● **Task details**:
Return, unaltered, every line from the beginning of the material below up to and including the one with "Cplus (sq (theta (rv (hz a)) (rv (hz (0, 0, 0)%Z))".

☆ ☆ ☆ ☆

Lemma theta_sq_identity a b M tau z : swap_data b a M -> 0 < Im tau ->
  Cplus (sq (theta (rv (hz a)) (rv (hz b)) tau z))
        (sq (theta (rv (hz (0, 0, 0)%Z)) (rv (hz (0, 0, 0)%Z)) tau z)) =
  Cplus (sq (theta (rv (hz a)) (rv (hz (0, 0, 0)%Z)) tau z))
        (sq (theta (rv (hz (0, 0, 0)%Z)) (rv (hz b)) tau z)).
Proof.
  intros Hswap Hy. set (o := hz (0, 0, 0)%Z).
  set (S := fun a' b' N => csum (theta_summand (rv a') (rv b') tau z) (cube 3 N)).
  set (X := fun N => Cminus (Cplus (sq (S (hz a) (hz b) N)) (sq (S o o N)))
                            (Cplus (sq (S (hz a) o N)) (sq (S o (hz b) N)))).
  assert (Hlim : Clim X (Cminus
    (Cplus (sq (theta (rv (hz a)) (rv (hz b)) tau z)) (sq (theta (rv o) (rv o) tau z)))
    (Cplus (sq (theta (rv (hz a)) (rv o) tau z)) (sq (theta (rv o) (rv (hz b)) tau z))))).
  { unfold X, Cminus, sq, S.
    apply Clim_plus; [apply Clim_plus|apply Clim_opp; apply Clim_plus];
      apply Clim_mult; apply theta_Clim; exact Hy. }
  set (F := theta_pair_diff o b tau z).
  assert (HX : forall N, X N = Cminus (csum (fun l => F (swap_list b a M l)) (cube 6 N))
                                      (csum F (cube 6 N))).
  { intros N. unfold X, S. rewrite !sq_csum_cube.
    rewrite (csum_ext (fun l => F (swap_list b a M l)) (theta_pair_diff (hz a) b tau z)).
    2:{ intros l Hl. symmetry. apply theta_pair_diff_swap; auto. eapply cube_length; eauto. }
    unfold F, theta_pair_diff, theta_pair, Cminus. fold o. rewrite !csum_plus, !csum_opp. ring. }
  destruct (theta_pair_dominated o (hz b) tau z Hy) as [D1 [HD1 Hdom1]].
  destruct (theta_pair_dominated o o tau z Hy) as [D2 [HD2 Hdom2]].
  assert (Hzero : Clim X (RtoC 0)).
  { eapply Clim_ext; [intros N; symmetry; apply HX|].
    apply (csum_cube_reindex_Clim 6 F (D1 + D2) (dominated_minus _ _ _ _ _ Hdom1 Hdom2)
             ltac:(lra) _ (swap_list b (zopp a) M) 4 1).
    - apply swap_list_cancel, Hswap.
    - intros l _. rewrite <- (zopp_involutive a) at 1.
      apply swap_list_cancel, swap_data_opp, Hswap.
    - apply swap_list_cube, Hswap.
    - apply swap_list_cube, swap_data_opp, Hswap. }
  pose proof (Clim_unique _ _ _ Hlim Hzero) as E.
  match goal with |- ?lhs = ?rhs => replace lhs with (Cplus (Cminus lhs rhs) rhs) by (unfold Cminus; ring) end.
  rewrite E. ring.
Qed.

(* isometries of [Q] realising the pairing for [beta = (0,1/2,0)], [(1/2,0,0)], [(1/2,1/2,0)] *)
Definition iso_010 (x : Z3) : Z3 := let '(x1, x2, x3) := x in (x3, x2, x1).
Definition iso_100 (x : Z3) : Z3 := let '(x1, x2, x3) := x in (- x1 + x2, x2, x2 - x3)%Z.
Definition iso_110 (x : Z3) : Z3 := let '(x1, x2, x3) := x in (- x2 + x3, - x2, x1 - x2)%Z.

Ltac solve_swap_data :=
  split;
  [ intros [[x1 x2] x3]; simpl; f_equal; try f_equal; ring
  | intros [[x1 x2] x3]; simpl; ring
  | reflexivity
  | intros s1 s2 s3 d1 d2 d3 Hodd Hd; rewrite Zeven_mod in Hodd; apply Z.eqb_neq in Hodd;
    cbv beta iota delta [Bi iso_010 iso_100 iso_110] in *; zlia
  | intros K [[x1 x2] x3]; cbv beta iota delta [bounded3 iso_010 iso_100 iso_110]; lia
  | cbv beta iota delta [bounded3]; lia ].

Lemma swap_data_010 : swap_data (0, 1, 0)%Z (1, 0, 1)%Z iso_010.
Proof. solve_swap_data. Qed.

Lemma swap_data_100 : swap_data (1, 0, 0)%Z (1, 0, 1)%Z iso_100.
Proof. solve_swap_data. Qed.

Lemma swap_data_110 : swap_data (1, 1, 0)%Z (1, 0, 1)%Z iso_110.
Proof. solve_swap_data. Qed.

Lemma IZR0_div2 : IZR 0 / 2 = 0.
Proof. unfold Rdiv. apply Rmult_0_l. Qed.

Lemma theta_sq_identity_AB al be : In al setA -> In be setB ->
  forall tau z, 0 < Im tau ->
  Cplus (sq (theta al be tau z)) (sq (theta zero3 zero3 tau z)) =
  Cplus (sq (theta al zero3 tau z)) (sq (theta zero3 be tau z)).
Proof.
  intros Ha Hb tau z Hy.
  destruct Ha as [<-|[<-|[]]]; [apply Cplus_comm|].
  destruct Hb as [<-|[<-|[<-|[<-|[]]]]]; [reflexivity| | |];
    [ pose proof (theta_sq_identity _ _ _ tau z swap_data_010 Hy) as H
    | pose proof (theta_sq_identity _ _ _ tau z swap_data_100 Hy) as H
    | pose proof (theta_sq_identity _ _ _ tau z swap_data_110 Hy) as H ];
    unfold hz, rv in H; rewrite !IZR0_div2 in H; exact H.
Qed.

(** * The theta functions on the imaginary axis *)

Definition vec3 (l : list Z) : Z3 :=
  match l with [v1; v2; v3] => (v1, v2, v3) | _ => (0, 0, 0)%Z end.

☆ ☆ ☆ ☆

● **Output for this task**:
Lemma theta_sq_identity a b M tau z : swap_data b a M -> 0 < Im tau ->
  Cplus (sq (theta (rv (hz a)) (rv (hz b)) tau z))
        (sq (theta (rv (hz (0, 0, 0)%Z)) (rv (hz (0, 0, 0)%Z)) tau z)) =
  Cplus (sq (theta (rv (hz a)) (rv (hz (0, 0, 0)%Z)) tau z))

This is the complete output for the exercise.